• **Action item**
Please repeat, from the entries that follow, the lines from the one containing "End PartiteCopies." through the one containing "pose v j := Ordinal (vertex_lt j)." exactly, adding nothing.

• **Data supplied**
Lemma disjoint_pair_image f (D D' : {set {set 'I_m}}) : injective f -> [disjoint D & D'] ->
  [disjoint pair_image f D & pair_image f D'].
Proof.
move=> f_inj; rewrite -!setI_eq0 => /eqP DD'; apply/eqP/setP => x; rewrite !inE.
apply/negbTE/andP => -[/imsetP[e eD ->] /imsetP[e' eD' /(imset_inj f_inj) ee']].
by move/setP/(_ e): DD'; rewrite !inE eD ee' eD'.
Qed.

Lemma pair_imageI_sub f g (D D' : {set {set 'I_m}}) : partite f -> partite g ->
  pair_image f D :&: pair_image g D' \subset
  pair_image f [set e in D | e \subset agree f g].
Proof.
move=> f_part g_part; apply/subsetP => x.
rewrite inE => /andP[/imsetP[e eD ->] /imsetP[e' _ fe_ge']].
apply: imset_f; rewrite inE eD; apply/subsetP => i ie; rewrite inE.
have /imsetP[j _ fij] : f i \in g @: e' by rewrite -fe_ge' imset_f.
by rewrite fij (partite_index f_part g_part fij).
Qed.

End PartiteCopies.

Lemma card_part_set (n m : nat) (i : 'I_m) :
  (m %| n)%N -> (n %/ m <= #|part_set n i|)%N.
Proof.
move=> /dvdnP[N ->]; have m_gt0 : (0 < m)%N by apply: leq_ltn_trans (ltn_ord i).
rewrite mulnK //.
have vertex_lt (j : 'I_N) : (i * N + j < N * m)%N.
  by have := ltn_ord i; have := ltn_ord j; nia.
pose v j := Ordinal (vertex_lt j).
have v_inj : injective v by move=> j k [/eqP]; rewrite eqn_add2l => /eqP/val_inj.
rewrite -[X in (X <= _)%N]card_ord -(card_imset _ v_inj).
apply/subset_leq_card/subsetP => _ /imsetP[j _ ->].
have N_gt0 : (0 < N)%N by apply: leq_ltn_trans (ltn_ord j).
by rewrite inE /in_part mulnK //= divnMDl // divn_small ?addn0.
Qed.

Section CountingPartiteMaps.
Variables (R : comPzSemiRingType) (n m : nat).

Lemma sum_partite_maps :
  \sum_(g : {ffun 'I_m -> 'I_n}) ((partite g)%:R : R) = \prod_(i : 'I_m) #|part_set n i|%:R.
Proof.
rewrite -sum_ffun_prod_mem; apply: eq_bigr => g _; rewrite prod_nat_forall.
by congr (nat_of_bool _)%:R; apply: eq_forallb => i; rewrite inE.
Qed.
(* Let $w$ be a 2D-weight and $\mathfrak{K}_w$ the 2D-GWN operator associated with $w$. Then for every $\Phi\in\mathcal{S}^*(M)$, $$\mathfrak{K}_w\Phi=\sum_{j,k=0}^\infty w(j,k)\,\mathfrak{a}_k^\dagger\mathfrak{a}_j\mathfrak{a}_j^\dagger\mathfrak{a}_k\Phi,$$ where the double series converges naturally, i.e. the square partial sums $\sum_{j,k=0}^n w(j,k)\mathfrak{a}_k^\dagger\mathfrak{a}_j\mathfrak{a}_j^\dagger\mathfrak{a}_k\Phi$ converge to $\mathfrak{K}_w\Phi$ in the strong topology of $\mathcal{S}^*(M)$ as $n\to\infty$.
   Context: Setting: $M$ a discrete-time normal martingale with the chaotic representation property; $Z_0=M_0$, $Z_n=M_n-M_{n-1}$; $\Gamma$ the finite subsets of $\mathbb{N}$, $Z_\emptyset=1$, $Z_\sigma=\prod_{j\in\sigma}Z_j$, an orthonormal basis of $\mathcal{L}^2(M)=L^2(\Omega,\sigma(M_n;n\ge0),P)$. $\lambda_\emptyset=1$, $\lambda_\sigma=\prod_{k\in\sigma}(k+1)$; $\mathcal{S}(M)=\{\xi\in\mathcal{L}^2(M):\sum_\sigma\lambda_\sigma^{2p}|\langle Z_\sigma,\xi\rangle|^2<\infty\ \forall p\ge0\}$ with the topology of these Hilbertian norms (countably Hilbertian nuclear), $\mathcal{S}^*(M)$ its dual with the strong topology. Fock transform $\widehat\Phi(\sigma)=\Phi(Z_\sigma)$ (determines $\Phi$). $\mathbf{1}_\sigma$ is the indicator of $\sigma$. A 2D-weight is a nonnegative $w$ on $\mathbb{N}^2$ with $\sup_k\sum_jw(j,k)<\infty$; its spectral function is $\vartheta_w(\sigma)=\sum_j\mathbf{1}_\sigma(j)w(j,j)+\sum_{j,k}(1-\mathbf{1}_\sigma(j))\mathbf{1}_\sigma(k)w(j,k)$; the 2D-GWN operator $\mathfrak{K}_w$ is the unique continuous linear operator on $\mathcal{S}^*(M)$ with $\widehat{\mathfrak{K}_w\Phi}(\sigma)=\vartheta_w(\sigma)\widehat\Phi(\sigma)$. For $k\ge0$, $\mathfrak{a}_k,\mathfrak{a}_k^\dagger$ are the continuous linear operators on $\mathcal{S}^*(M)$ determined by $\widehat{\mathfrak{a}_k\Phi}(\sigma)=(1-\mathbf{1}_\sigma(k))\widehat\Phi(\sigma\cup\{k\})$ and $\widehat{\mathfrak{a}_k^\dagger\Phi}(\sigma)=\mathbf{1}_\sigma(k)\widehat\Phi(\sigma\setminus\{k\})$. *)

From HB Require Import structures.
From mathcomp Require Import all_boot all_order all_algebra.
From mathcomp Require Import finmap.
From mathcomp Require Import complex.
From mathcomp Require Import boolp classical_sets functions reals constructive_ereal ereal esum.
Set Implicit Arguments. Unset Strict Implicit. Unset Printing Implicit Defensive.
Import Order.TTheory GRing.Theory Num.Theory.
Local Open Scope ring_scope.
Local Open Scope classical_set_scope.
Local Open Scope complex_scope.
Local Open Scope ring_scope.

• **Exercise result**
End PartiteCopies.

Lemma card_part_set (n m : nat) (i : 'I_m) :
  (m %| n)%N -> (n %/ m <= #|part_set n i|)%N.
Proof.
move=> /dvdnP[N ->]; have m_gt0 : (0 < m)%N by apply: leq_ltn_trans (ltn_ord i).
rewrite mulnK //.
have vertex_lt (j : 'I_N) : (i * N + j < N * m)%N.
  by have := ltn_ord i; have := ltn_ord j; nia.
pose v j := Ordinal (vertex_lt j).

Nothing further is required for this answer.